BEGIN Information shown
(* Let $n,m,k\ge1$, $C:\{0,1\}^n\to\{0,1\}^m$, $V:\{0,1\}^m\times\{0,1\}^\ell\to\{0,1\}$, $\varepsilon\in(0,1/25]$, $\alpha>1$, $p_H,p_{UH}\in[0,1]$ with $p_H\in[g_H\pm\frac45\sqrt\varepsilon]$ and $p_{UH}\in[g_{UH}\pm10\sqrt\varepsilon]$. Let $y_1,\dots,y_k\in\{0,1\}^m$ be arbitrary, $u:[k]\to\mathbb{Z}_{\ge0}\cup\{\infty\}$, $\mathcal{Y}\subseteq[k]$ and $w_i\in\{0,1\}^\ell$ ($i\in\mathcal{Y}$); let $\mathcal{L}=\{i\in[k]:2^{-(u(i)+1)\varepsilon}<\alpha2^{-m}\}$ and $\mathcal{H}=[k]\setminus\mathcal{L}$. Assume: (a) $|\mathcal{Y}|/k\in[g_{UY}\pm\varepsilon]$; (b) $V(y_i,w_i)=1$ for all $i\in\mathcal{Y}$; (c) $|\mathcal{H}|/k\in[p_{UH}\pm3\sqrt\varepsilon]$; (d) $\frac1k\sum_{i\in\mathcal{L}}2^m2^{-u(i)\varepsilon}\in[1-p_H\pm5\sqrt\varepsilon]$; (1) $\Pr_{y\leftarrow\mathcal{D}^C}[\mathcal{D}^C(y)\in(1\pm4\varepsilon)\alpha2^{-m}]\le\sqrt\varepsilon$; (2) for all $i$: $u'(i)=\infty\Rightarrow u(i)=\infty$; (3) for all $i$: $u(i)=\infty$ or $\mathcal{D}^C(y_i)>(1-\varepsilon/2)2^{-(u(i)+1)\varepsilon}$; (4) $\frac1k|\{i:y_i\in\mathcal{M}\}|<3\sqrt\varepsilon/\alpha$; (5) $|\mathcal{Y}'|/k\in[g_{UY}\pm\varepsilon]$; (6) $|\mathcal{H}'|/k\in[g_{UH}\pm3\sqrt\varepsilon]$; (7) $\frac1k\sum_{i\in\mathcal{L}'}2^m2^{-u'(i)\varepsilon}\in[1-g_H\pm5\sqrt\varepsilon]$; (8) $\frac1k\sum_{i\in\mathcal{L}'\cap\mathcal{Y}'}2^m2^{-u'(i)\varepsilon}\in[g_{YL}\pm5\sqrt\varepsilon]$. Then $\frac1k\sum_{i\in\mathcal{L}\cap\mathcal{Y}}2^m2^{-u(i)\varepsilon}\in[g_{YL}\pm112\sqrt\varepsilon\,\alpha]$.
   Context: $\mathcal{D}^C(y)=\Pr_{r\leftarrow\{0,1\}^n}[C(r)=y]$ for uniform $r$. For $y\in\{0,1\}^m$ write $y\in V$ if there is $w$ with $V(y,w)=1$. Let $t=\lceil n/\varepsilon\rceil$, $\mathcal{B}_j=\{y:\mathcal{D}^C(y)\in(2^{-(j+1)\varepsilon},2^{-j\varepsilon}]\}$ for $j\in\{0,\dots,t\}$, and $u'(y)=j$ if $y\in\mathcal{B}_j$, $u'(y)=\infty$ otherwise; conventions $2^{-\infty\varepsilon}=0$, $j<\infty$, $\infty+j=\infty$. $g_H=\Pr_{y\leftarrow\mathcal{D}^C}[\mathcal{D}^C(y)\ge\alpha2^{-m}]$, $g_{UH}=\Pr_{y\text{ uniform}}[\mathcal{D}^C(y)\ge\alpha2^{-m}]$, $g_{UY}=\Pr_{y\text{ uniform}}[y\in V]$, $g_{YL}=\Pr_{y\leftarrow\mathcal{D}^C}[\mathcal{D}^C(y)<\alpha2^{-m}\wedge y\in V]$. For the given $y_1,\dots,y_k$: $u'(i):=u'(y_i)$, $\mathcal{Y}'=\{i:y_i\in V\}$, $\mathcal{L}'=\{i:2^{-(u'(i)+1)\varepsilon}<\alpha2^{-m}\}$, $\mathcal{H}'=[k]\setminus\mathcal{L}'$, $\mathcal{M}=\{y:\mathcal{D}^C(y)\in(1\pm4\varepsilon)\alpha2^{-m}\}$. $[a\pm b]=[a-b,a+b]$, $(1\pm\delta)x=[(1-\delta)x,(1+\delta)x]$, $[k]=\{1,\dots,k\}$. *)

From Stdlib Require Import Reals.
From mathcomp Require Import all_boot.
Set Implicit Arguments. Unset Strict Implicit. Unset Printing Implicit Defensive.

Local Open Scope R_scope.

Notation bits n := (n.-tuple bool).

Definition Rltb (x y : R) : bool := if Rlt_dec x y then true else false.
Definition Rleb (x y : R) : bool := if Rle_dec x y then true else false.

Definition in_pm (x a b : R) : Prop := a - b <= x <= a + b.

Definition DC (n m : nat) (C : bits n -> bits m) (y : bits m) : R :=
  INR #|[pred r : bits n | C r == y]| / 2 ^ n.

(* values in Z_{>=0} ∪ {∞}: None = ∞.  ex2 eps o s = 2^{-(o+s) eps}, with 2^{-∞ eps}=0 *)
Definition ex2 (eps : R) (o : option nat) (s : nat) : R :=
  match o with Some j => Rpower 2 (- INR (j + s) * eps) | None => 0 end.

(* t = ceil(n / eps) *)
Definition tpar (n : nat) (eps : R) : nat :=
  Z.to_nat (- Int_part (- (INR n / eps))).

Definition inBin (n m : nat) (C : bits n -> bits m) (eps : R) (j : nat) (y : bits m) : bool :=
  Rltb (Rpower 2 (- INR (j + 1) * eps)) (DC C y) && Rleb (DC C y) (Rpower 2 (- INR j * eps)).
END Information shown
Assignment: Whatever the entries above contain, reproduce all of them exactly.

Answer space:
(* Let $n,m,k\ge1$, $C:\{0,1\}^n\to\{0,1\}^m$, $V:\{0,1\}^m\times\{0,1\}^\ell\to\{0,1\}$, $\varepsilon\in(0,1/25]$, $\alpha>1$, $p_H,p_{UH}\in[0,1]$ with $p_H\in[g_H\pm\frac45\sqrt\varepsilon]$ and $p_{UH}\in[g_{UH}\pm10\sqrt\varepsilon]$. Let $y_1,\dots,y_k\in\{0,1\}^m$ be arbitrary, $u:[k]\to\mathbb{Z}_{\ge0}\cup\{\infty\}$, $\mathcal{Y}\subseteq[k]$ and $w_i\in\{0,1\}^\ell$ ($i\in\mathcal{Y}$); let $\mathcal{L}=\{i\in[k]:2^{-(u(i)+1)\varepsilon}<\alpha2^{-m}\}$ and $\mathcal{H}=[k]\setminus\mathcal{L}$. Assume: (a) $|\mathcal{Y}|/k\in[g_{UY}\pm\varepsilon]$; (b) $V(y_i,w_i)=1$ for all $i\in\mathcal{Y}$; (c) $|\mathcal{H}|/k\in[p_{UH}\pm3\sqrt\varepsilon]$; (d) $\frac1k\sum_{i\in\mathcal{L}}2^m2^{-u(i)\varepsilon}\in[1-p_H\pm5\sqrt\varepsilon]$; (1) $\Pr_{y\leftarrow\mathcal{D}^C}[\mathcal{D}^C(y)\in(1\pm4\varepsilon)\alpha2^{-m}]\le\sqrt\varepsilon$; (2) for all $i$: $u'(i)=\infty\Rightarrow u(i)=\infty$; (3) for all $i$: $u(i)=\infty$ or $\mathcal{D}^C(y_i)>(1-\varepsilon/2)2^{-(u(i)+1)\varepsilon}$; (4) $\frac1k|\{i:y_i\in\mathcal{M}\}|<3\sqrt\varepsilon/\alpha$; (5) $|\mathcal{Y}'|/k\in[g_{UY}\pm\varepsilon]$; (6) $|\mathcal{H}'|/k\in[g_{UH}\pm3\sqrt\varepsilon]$; (7) $\frac1k\sum_{i\in\mathcal{L}'}2^m2^{-u'(i)\varepsilon}\in[1-g_H\pm5\sqrt\varepsilon]$; (8) $\frac1k\sum_{i\in\mathcal{L}'\cap\mathcal{Y}'}2^m2^{-u'(i)\varepsilon}\in[g_{YL}\pm5\sqrt\varepsilon]$. Then $\frac1k\sum_{i\in\mathcal{L}\cap\mathcal{Y}}2^m2^{-u(i)\varepsilon}\in[g_{YL}\pm112\sqrt\varepsilon\,\alpha]$.
   Context: $\mathcal{D}^C(y)=\Pr_{r\leftarrow\{0,1\}^n}[C(r)=y]$ for uniform $r$. For $y\in\{0,1\}^m$ write $y\in V$ if there is $w$ with $V(y,w)=1$. Let $t=\lceil n/\varepsilon\rceil$, $\mathcal{B}_j=\{y:\mathcal{D}^C(y)\in(2^{-(j+1)\varepsilon},2^{-j\varepsilon}]\}$ for $j\in\{0,\dots,t\}$, and $u'(y)=j$ if $y\in\mathcal{B}_j$, $u'(y)=\infty$ otherwise; conventions $2^{-\infty\varepsilon}=0$, $j<\infty$, $\infty+j=\infty$. $g_H=\Pr_{y\leftarrow\mathcal{D}^C}[\mathcal{D}^C(y)\ge\alpha2^{-m}]$, $g_{UH}=\Pr_{y\text{ uniform}}[\mathcal{D}^C(y)\ge\alpha2^{-m}]$, $g_{UY}=\Pr_{y\text{ uniform}}[y\in V]$, $g_{YL}=\Pr_{y\leftarrow\mathcal{D}^C}[\mathcal{D}^C(y)<\alpha2^{-m}\wedge y\in V]$. For the given $y_1,\dots,y_k$: $u'(i):=u'(y_i)$, $\mathcal{Y}'=\{i:y_i\in V\}$, $\mathcal{L}'=\{i:2^{-(u'(i)+1)\varepsilon}<\alpha2^{-m}\}$, $\mathcal{H}'=[k]\setminus\mathcal{L}'$, $\mathcal{M}=\{y:\mathcal{D}^C(y)\in(1\pm4\varepsilon)\alpha2^{-m}\}$. $[a\pm b]=[a-b,a+b]$, $(1\pm\delta)x=[(1-\delta)x,(1+\delta)x]$, $[k]=\{1,\dots,k\}$. *)

From Stdlib Require Import Reals.
From mathcomp Require Import all_boot.
Set Implicit Arguments. Unset Strict Implicit. Unset Printing Implicit Defensive.

Local Open Scope R_scope.

Notation bits n := (n.-tuple bool).

Definition Rltb (x y : R) : bool := if Rlt_dec x y then true else false.
Definition Rleb (x y : R) : bool := if Rle_dec x y then true else false.

Definition in_pm (x a b : R) : Prop := a - b <= x <= a + b.

Definition DC (n m : nat) (C : bits n -> bits m) (y : bits m) : R :=
  INR #|[pred r : bits n | C r == y]| / 2 ^ n.

(* values in Z_{>=0} ∪ {∞}: None = ∞.  ex2 eps o s = 2^{-(o+s) eps}, with 2^{-∞ eps}=0 *)
Definition ex2 (eps : R) (o : option nat) (s : nat) : R :=
  match o with Some j => Rpower 2 (- INR (j + s) * eps) | None => 0 end.

(* t = ceil(n / eps) *)
Definition tpar (n : nat) (eps : R) : nat :=
  Z.to_nat (- Int_part (- (INR n / eps))).

Definition inBin (n m : nat) (C : bits n -> bits m) (eps : R) (j : nat) (y : bits m) : bool :=
  Rltb (Rpower 2 (- INR (j + 1) * eps)) (DC C y) && Rleb (DC C y) (Rpower 2 (- INR j * eps)).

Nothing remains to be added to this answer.